Although we have four locations of the stores, the availability of the products is limited to selected locations; they are provided as lists in the available_in list. So, for example, apples are available in the East and North stores while bananas only in the West store. We need to take this into account while taking products and their prices that follow the conditions.

This is the for loop:

>>> discounted_products = {}
>>> zipped = zip(products, prices, discounts, available_in)
>>> for product, price, discount, locations in zipped:
...     for location in locations:
...         cond1 = discount >= 0.15
...         cond2 = 20 <= price <= 30
...         cond3 = location in ['East', 'North']
...         if cond1 and cond2 and cond3:
...             discounted_products[(product, location)] = price
>>> discounted_products
{('Apples', 'East'): 25, ('Apples', 'North'): 25, ('Cherries', 'East'): 22}

and the corresponding dictionary comprehension:

>>> zipped = zip(products, prices, discounts, available_in)
>>> discounted_products = {
...     (product, location): price
...     for product, price, discount, locations in zipped
...     for location in locations
...     if discount >= 0.15
...        and 20 <= price <= 30
...        and location in ['East', 'North']
... }
>>> discounted_products
{('Apples', 'East'): 25, ('Apples', 'North'): 25, ('Cherries', 'East'): 22}

We could use three if conditions instead:

>>> zipped = zip(products, prices, discounts, available_in)
>>> discounted_products = {
...     (product, location): price
...     for product, price, discount, locations in zipped
...     for location in locations
...     if discount >= 0.15
...     if 20 <= price <= 30
...     if location in ['East', 'North']
... }
>>> discounted_products
{('Apples', 'East'): 25, ('Apples', 'North'): 25, ('Cherries', 'East'): 22}

This time, I won't explain the code line by line. Try to do it yourself. However, I'd like to point out the following aspects of the code:

  • In the regular for loops, we defined the condition variables, cond1, cond2 and cond3. Theoretically, this is unnecessary, but I did so for readability. Otherwise, the line with the conditions would have to be very long or split into several lines.
  • In the dict comprehension, we don't need to do this, as the resulting code with the three conditions is readable – though it's split into three lines. However, this split doesn't decrease readability; rather, it shows that we have three conditions for the data to meet.
  • The comprehension follows the same pattern as before: operation, loops, conditions. Again, you can read it from top to bottom, just like a regular sentence from left to right.
  • The additional complexity (in both versions) is introduced by the nested for loop: for location in locations. It's enough to understand that we're looping over locations per In my eyes, this line doesn't include too much complexity, at least not the way it does in the nested for loop.

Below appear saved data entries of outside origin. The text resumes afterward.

(* Let $d\ge3$, let $V$ be a $d\times d$ correlation matrix (symmetric positive semi-definite with unit diagonal), let $X=(X_1,\dots,X_d)\sim N(0,V)$, and let $h(x)=\max_{1\le i\le d}x_i$. Then $E(h(X)^2)\le 6\ln d$ and $\mathrm{Var}(h(X))\ge d^{-15}/\sqrt{2\pi}$. *)

From Stdlib Require Import Reals.
Open Scope R_scope.

(* Vectors of R^d are represented as functions nat -> R (coordinates 0..d-1),
   d x d matrices as nat -> nat -> R. *)

Fixpoint rsum (n : nat) (f : nat -> R) : R :=
  match n with
  | O => 0
  | S m => rsum m f + f m
  end.

Fixpoint rprod (n : nat) (f : nat -> R) : R :=
  match n with
  | O => 1
  | S m => rprod m f * f m
  end.

(* h(x) = max_{0 <= i < d} x_i  (meaningful for d >= 1) *)
Fixpoint vmax (n : nat) (x : nat -> R) : R :=
  match n with
  | O => x O
  | S m => Rmax (vmax m x) (x m)
  end.

Definition matvec (d : nat) (A : nat -> nat -> R) (z : nat -> R) : nat -> R :=
  fun i => rsum d (fun k => A i k * z k).

Definition correlation_matrix (d : nat) (V : nat -> nat -> R) : Prop :=
  (forall i j, (i < d)%nat -> (j < d)%nat -> V i j = V j i) /\
  (forall x : nat -> R, 0 <= rsum d (fun i => rsum d (fun j => x i * V i j * x j))) /\
  (forall i, (i < d)%nat -> V i i = 1).

Definition std_gauss_density (d : nat) (z : nat -> R) : R :=
  rprod d (fun i => exp (- (z i)^2 / 2) / sqrt (2 * PI)).

Definition improper_int (g : R -> R) (I : R) : Prop :=
  forall eps, 0 < eps -> exists M, forall a b, a <= -M -> M <= b ->
    exists pr : Riemann_integrable g a b, Rabs (RiemannInt pr - I) < eps.

Definition vcons (t : R) (z : nat -> R) : nat -> R :=
  fun i => match i with O => t | S j => z j end.

(* iter_int n F I : the iterated improper integral of F over the first n
   coordinates (integrating coordinate 0 outermost) exists and equals I. *)
Fixpoint iter_int (n : nat) (F : (nat -> R) -> R) (I : R) : Prop :=
  match n with
  | O => I = F (fun _ => 0)
  | S m => exists g : R -> R,
      (forall t, iter_int m (fun z => F (vcons t z)) (g t)) /\ improper_int g I
  end.

(* gauss_expect d A f E : with Z ~ N(0, I_d) and X = A Z (so X ~ N(0, A A^T)),
   E = E[f(X)] = integral over R^d of f(A z) * phi_d(z) dz. *)
Definition gauss_expect (d : nat) (A : nat -> nat -> R) (f : (nat -> R) -> R) (E : R) : Prop :=
  iter_int d (fun z => f (matvec d A z) * std_gauss_density d z) E.

From Coquelicot Require Import Coquelicot.
From Stdlib Require Import Reals Lra Lia IndefiniteDescription FunctionalExtensionality.
Open Scope R_scope.

(* Write X = A Z with Z standard normal, so that each X_i is standard normal
   (only the unit diagonal of V matters), and put L = 2 ln (2 d), s = sqrt L.

   Upper bound: the inequality u^2 <= 2 L (e^u - 1 - u) for u >= - L / 2, applied to
   u = ln (sum_i (e^(s X_i) + e^(- s X_i))) - L, gives
   h(X)^2 <= L - 2 + 2 e^(- L) sum_i (e^(s X_i) + e^(- s X_i)), and E e^(+- s X_i) = 2 d
   yields E h(X)^2 <= L <= 6 ln d.

   Lower bound: let c = s + 1 and Y = e^(c X_0). By the Cameron--Martin formula
   E[h(X) Y] = E Y * E h(X + c V_0), where V_0 is the first column of V, and
   h(X + c V_0) >= X_0 + c; since E h(X) <= sqrt (E h(X)^2) <= s, this gives
   Cov(h(X), Y) >= E Y. Expanding E (h(X) - E h(X) - lam (Y - E Y))^2 >= 0 with
   lam = e^(-3 c^2 / 2) then gives Var h(X) >= e^(- c^2) >= d^(-15) / sqrt (2 PI).

   Expectations are iterated improper Riemann integrals. They exist because the
   integrands have at most exponential growth and are locally Lipschitz with
   exponentially growing constants, a class stable under integrating out one
   coordinate. The normalisation of the Gaussian density comes from the classical
   identity (int_0^x e^(-t^2) dt)^2 + int_0^1 e^(-x^2 (1 + t^2)) / (1 + t^2) dt = PI / 4. *)

(* Coquelicot states these for abstract normed modules, which does not unify
   with plain [R -> R] integrands. *)
Lemma continuous_of_ex_derive (f : R -> R) x : ex_derive f x -> continuous f x.
Proof. apply (@ex_derive_continuous R_AbsRing R_NormedModule). Qed.

Lemma ex_RInt_cont (f : R -> R) a b : (forall x, continuous f x) -> ex_RInt f a b.
Proof. intros H; apply (@ex_RInt_continuous R_CompleteNormedModule); intros; apply H. Qed.

Lemma RInt_ext_R (f g : R -> R) a b :
  (forall x, Rmin a b < x < Rmax a b -> f x = g x) -> RInt f a b = RInt g a b.
Proof. apply (@RInt_ext R_CompleteNormedModule). Qed.

Lemma RInt_scal_R (f : R -> R) a b c :
  ex_RInt f a b -> RInt (fun t => c * f t) a b = c * RInt f a b.
Proof. apply (@RInt_scal R_CompleteNormedModule f a b c). Qed.

Lemma RInt_plus_R (f g : R -> R) a b : ex_RInt f a b -> ex_RInt g a b ->
  RInt (fun t => f t + g t) a b = RInt f a b + RInt g a b.
Proof. apply (@RInt_plus R_CompleteNormedModule f g a b). Qed.

Lemma RInt_comp_lin_R (f : R -> R) u v a b : ex_RInt f (u * a + v) (u * b + v) ->
  RInt (fun y => u * f (u * y + v)) a b = RInt f (u * a + v) (u * b + v).
Proof. apply (@RInt_comp_lin R_CompleteNormedModule f u v a b). Qed.

Lemma RInt_Chasles_R (f : R -> R) a b c :
  (forall t, continuous f t) -> RInt f a b + RInt f b c = RInt f a c.
Proof. intros Hc; exact (RInt_Chasles f a b c (ex_RInt_cont _ _ _ Hc) (ex_RInt_cont _ _ _ Hc)). Qed.

Lemma RInt_derive_R (f F : R -> R) a b : (forall t, is_derive F t (f t)) ->
  (forall t, continuous f t) -> RInt f a b = F b - F a.
Proof.
  intros HF Hf. apply (@is_RInt_unique R_CompleteNormedModule).
  apply (@is_RInt_derive R_CompleteNormedModule F f); intros; [apply HF | apply Hf].
Qed.

Lemma exp_le x y : x <= y -> exp x <= exp y.
Proof. intros [H|H]; [left; apply exp_increasing | right; subst]; auto. Qed.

The point of this article is not to claim that Python comprehensions can be simple even in complex situations. Instead, I wanted to show that they can be more readable than the corresponding traditional for loops even in some complex situations. So, if you decide to give up a comprehension because it's complex, remember about the alternative, which is the corresponding for loop, and it it can be even less readable than the comprehension we've just gave up on.

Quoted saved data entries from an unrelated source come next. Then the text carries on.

(* Let $G=(V,E)$ be a finite graph and suppose that both $I_1,\dots,I_d$ and $\bar I_1,\dots,\bar I_{\bar d}$ are partitions of $V$ into maximal independent sets characterizing $G$ as a mean valid graph, with $M_s=|I_s|$, $\bar M_s=|\bar I_s|$, $M_1\ge\dots\ge M_d$ and $\bar M_1\ge\dots\ge\bar M_{\bar d}$. Then $d=\bar d$ and $M_s=\bar M_s$ for all $s\in\{1,\dots,d\}$.
   Context: A partition $V=I_1\sqcup\dots\sqcup I_d$ ($d\ge2$) of the vertex set into pairwise disjoint maximal independent sets, ordered with $M_1\ge\dots\ge M_d$ where $M_s=|I_s|$, characterizes $G$ as a mean valid graph if every independent set $I$ of $G$ satisfies $\sum_{s=1}^d|I\cap I_s|/M_s\le1$. *)

From mathcomp Require Import all_boot all_order all_algebra.
Set Implicit Arguments. Unset Strict Implicit. Unset Printing Implicit Defensive.
Import Order.TTheory GRing.Theory Num.Theory.

(* A finite simple graph: vertex type T (finite), adjacency e : rel T,
   assumed symmetric and irreflexive in the theorem. *)

Definition independent (T : finType) (e : rel T) (A : {set T}) : bool :=
  [forall x in A, forall y in A, ~~ e x y].

Definition max_independent (T : finType) (e : rel T) (A : {set T}) : bool :=
  maxset (independent e) A.

(* I : 'I_d -> {set T} is a partition of V = T into pairwise disjoint
   (nonempty) maximal independent sets, ordered by nonincreasing size
   (index s : 'I_d corresponds to the paper's s+1). *)
Definition mis_partition (T : finType) (e : rel T) (d : nat)
    (I : 'I_d -> {set T}) : Prop :=
  [/\ (forall s, max_independent e (I s)),
      (forall s, I s != set0),
      (forall s t, s != t -> [disjoint I s & I t]),
      (\bigcup_(s < d) I s = [set: T]) &
      (forall s t : 'I_d, (s <= t)%N -> (#|I t| <= #|I s|)%N)].

Definition mean_valid_partition (T : finType) (e : rel T) (d : nat)
    (I : 'I_d -> {set T}) : Prop :=
  [/\ (2 <= d)%N, mis_partition e I &
      forall J : {set T}, independent e J ->
        (\sum_(s < d) ((#|J :&: I s|)%:R / (#|I s|)%:R) <= (1 : rat))%R].

(** Double counting: if [I] is mean valid and [I'] is a partition into
    independent sets, then for every set [P] of blocks of [I'] the fractions
    [c_s] of [I_s] covered by [P] lie in [[0,1]] and sum to at most [|P|].
    Taking all blocks gives [d <= d'].  Taking the [k] largest blocks, the
    covered vertices number [sum_s c_s M_s], which by a rearrangement
    argument (the [M_s] are nonincreasing) is at most [M_1 + ... + M_k].
    So the prefix sums of the two size sequences dominate each other, hence
    coincide, and so do the sizes. *)

From mathcomp Require Import all_boot all_order all_algebra.
From mathcomp Require Import ring lra.
Set Implicit Arguments. Unset Strict Implicit. Unset Printing Implicit Defensive.
Import Order.TTheory GRing.Theory Num.Theory.

Lemma card_partition_sum (T : finType) n (B : 'I_n -> {set T}) (A : {set T}) :
  (forall s t, s != t -> [disjoint B s & B t]) -> \bigcup_(s < n) B s = setT ->
  #|A| = \sum_s #|B s :&: A|.
Proof.
move=> Bdis Bcov.
have BAdis i j : i != j -> [disjoint B i :&: A & B j :&: A].
  move/Bdis; rewrite -!setI_eq0 => /eqP BIB0.
  by rewrite setIACA setIid BIB0 set0I.
have BAcov : \bigcup_s (B s :&: A) = A by rewrite -big_distrl /= Bcov setTI.
rewrite -sum1_card -{1}BAcov (partition_disjoint_bigcup _ _ BAdis).
by apply: eq_bigr => i _; rewrite sum1_card.
Qed.

Local Open Scope ring_scope.

Lemma big_ord_prefixS (R : nmodType) d (f : 'I_d -> R) (s : 'I_d) :
  \sum_(t < d | (t < s.+1)%N) f t = \sum_(t < d | (t < s)%N) f t + f s.
Proof.
rewrite (bigD1 s) //= addrC; congr (_ + _); apply: eq_bigl => t.
by rewrite ltnS (ltn_neqAle t s) andbC.
Qed.

Lemma weighted_sum_le_prefix_sum (R : realDomainType) d (x c : 'I_d -> R) k :
  (forall s, 0 <= x s) -> (forall s t : 'I_d, (s <= t)%N -> x t <= x s) ->
  (forall s, 0 <= c s <= 1) -> \sum_s c s <= \sum_(s < d | (s < k)%N) 1 ->
  \sum_s c s * x s <= \sum_(s < d | (s < k)%N) x s.
Proof.
move=> x_ge0 x_noninc c01 sum_c.
have [kd | dk] := ltnP k d; last first.
  have -> : \sum_(s < d | (s < k)%N) x s = \sum_s x s.
    by apply: eq_bigl => s; rewrite (leq_trans (ltn_ord s) dk).
  by apply: ler_sum => s _; have := x_ge0 s; case/andP: (c01 s); nra.
(* Every term of the difference dominates the same term with [x s] replaced
   by the threshold [x_k]. *)
pose m := x (Ordinal kd).
rewrite -subr_ge0 big_mkcond /= -sumrB.
apply: le_trans (_ : 0 <= m * (\sum_(s < d | (s < k)%N) 1 - \sum_s c s)) _.
  by rewrite mulr_ge0 ?subr_ge0 ?x_ge0.
rewrite mulrBr big_mkcond /= !mulr_sumr -sumrB.
apply: ler_sum => s _; case/andP: (c01 s) => c_ge0 c_le1.
case: ifP => sk.
  have : m <= x s by apply: x_noninc; rewrite /= ltnW.
  nra.
have : x s <= m by apply: x_noninc; rewrite /= leqNgt sk.
nra.
Qed.

Section MeanValidOverlap.

Variables (T : finType) (e : rel T) (d d' : nat).
Variables (I : 'I_d -> {set T}) (I' : 'I_d' -> {set T}).
Hypotheses (I_mean_valid : mean_valid_partition e I) (I'_part : mis_partition e I').

Lemma card_mis_block_gt0 s : 0 < (#|I s|%:R : rat).
Proof.
by case: I_mean_valid => _ [_ I_nz _ _ _] _; rewrite ltr0n card_gt0 I_nz.
Qed.

Lemma card_mis_block_overlap s :
  (#|I s|%:R : rat) = \sum_t (#|I' t :&: I s|%:R : rat).
Proof.
case: I'_part => _ _ I'_dis I'_cov _.
by rewrite (card_partition_sum (I s) I'_dis I'_cov) natr_sum.
Qed.

Lemma sum_overlap_ratio_le (P : pred 'I_d') :
  \sum_s (\sum_(t | P t) (#|I' t :&: I s|%:R : rat)) / #|I s|%:R
    <= \sum_(t < d' | P t) 1.
Proof.
case: I_mean_valid => _ _ I_ineq; case: I'_part => I'_max _ _ _ _.
under eq_bigr => s _ do rewrite mulr_suml.
rewrite exchange_big /=; apply: ler_sum => t _.
exact: I_ineq _ (maxsetp (I'_max t)).
Qed.

Lemma mean_valid_size_le : (d <= d')%N.
Proof.
have sum1 n : (n%:R : rat) = \sum_(t < n) 1 by rewrite sumr_const card_ord.
rewrite -(ler_nat rat) (sum1 d) (sum1 d').
rewrite (eq_bigr (fun s => #|I s|%:R / #|I s|%:R)) => [|s _]; last first.
  by rewrite divff // lt0r_neq0 // card_mis_block_gt0.
under eq_bigr => s _ do rewrite [X in X / _]card_mis_block_overlap.
exact: (sum_overlap_ratio_le predT).
Qed.

End MeanValidOverlap.

Lemma mean_valid_prefix_card_le (T : finType) (e : rel T) d
    (I I' : 'I_d -> {set T}) k :
  mean_valid_partition e I -> mis_partition e I' ->
  \sum_(t < d | (t < k)%N) (#|I' t|%:R : rat) <= \sum_(s < d | (s < k)%N) #|I s|%:R.
Proof.
move=> I_mv I'_part; have [_ [_ _ I_dis I_cov I_sorted] _] := I_mv.
pose c s := (\sum_(t < d | (t < k)%N) (#|I' t :&: I s|%:R : rat)) / #|I s|%:R.
have I_gt0 := card_mis_block_gt0 I_mv.
have -> : \sum_(t < d | (t < k)%N) (#|I' t|%:R : rat) = \sum_s c s * #|I s|%:R.
  under eq_bigr => t _ do rewrite (card_partition_sum (I' t) I_dis I_cov) natr_sum.
  rewrite exchange_big /=; apply: eq_bigr => s _.
  by rewrite /c divfK ?lt0r_neq0 //; apply: eq_bigr => t _; rewrite setIC.
apply: weighted_sum_le_prefix_sum => [s | s t st | s |].
- exact: ler0n.
- by rewrite ler_nat I_sorted.
- rewrite divr_ge0 ?sumr_ge0 //= ler_pdivrMr // mul1r.
  rewrite (card_mis_block_overlap I I'_part) [leRHS](bigID (fun t : 'I_d => (t < k)%N)) /=.
  by rewrite lerDl sumr_ge0.
- exact: (sum_overlap_ratio_le I_mv I'_part).
Qed.

Theorem lemma9 (T : finType) (e : rel T)
    (e_sym : symmetric e) (e_irr : irreflexive e)
    (d d' : nat) (I : 'I_d -> {set T}) (I' : 'I_d' -> {set T}) :
  mean_valid_partition e I -> mean_valid_partition e I' ->
  d = d' /\
  (forall (s : 'I_d) (s' : 'I_d'), nat_of_ord s = nat_of_ord s' ->
     #|I s| = #|I' s'|).
Proof.
move=> I_mv I'_mv; have [_ I_part _] := I_mv; have [_ I'_part _] := I'_mv.
have d_eq : d = d'.
  by apply/eqP; rewrite eqn_leq (mean_valid_size_le I_mv I'_part)
                                 (mean_valid_size_le I'_mv I_part).
subst d'; split=> // s s' /val_inj <-.
have prefix_eq k : \sum_(t < d | (t < k)%N) (#|I t|%:R : rat) =
                   \sum_(t < d | (t < k)%N) (#|I' t|%:R : rat).
  apply/le_anti; rewrite (mean_valid_prefix_card_le _ I_mv I'_part).
  by rewrite (mean_valid_prefix_card_le _ I'_mv I_part).
apply/eqP; rewrite -(eqr_nat rat); apply/eqP.
by have := prefix_eq s.+1; rewrite !big_ord_prefixS prefix_eq => /addrI.
Qed.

Surely, it's on you whether the code is readable or not. In more advanced cases, it's easy to make the code unreadable. Let me rewrite the last example to make the point:

>>> discounted_products = {
...     (product, location): price
...     for product, price, discount, locations in zip(products, prices, discounts, available_in)
...     for location in locations
...     if discount >= 0.15 and 20 <= price <= 30 and location in ['East', 'North']
... }
>>> discounted_products
{('Apples', 'East'): 25, ('Apples', 'North'): 25, ('Cherries', 'East'): 22}

This version is less readable than the previous one – but I'd say, it's still pretty readable, especially in comparison with the traditional for loop.

Is it really the case – and a general one – that nested comprehensions are difficult to read? In my eyes, not really. If you only remember about the powerful zip() function, you can make things pretty readable – of course assuming that you know how zip objects work.

Consider the following example, with multiple for loops. It it really that incomprehensible?

Let's calculate a matrix of values given the row of x values and the columns of y values, like in a multiplication table:

>>> multi_table = {(x, y): x * y for x in range(10) for y in range(10)}
>>> multi_table[(5, 6)]
30

We can make this more readable by splitting into several lines:

>>> multi_table = {
...     (x, y): x * y
...     for x in range(10)
...     for y in range(10)
... }
>>> multi_table[(5, 6)]
30

I definitely prefer the latter version, with a one-command, 5-line list comprehension, each line presenting an individual step of the process. Here, this is

  • data operation: calculate x*y and store as a tuple (x, y)
  • loops: for given values of x, for given values of y

This was a simple multiplication, but you can replace the first line with much more advanced calculations, and you will see that such comprehensions can make life easier and the code much simpler and more readable.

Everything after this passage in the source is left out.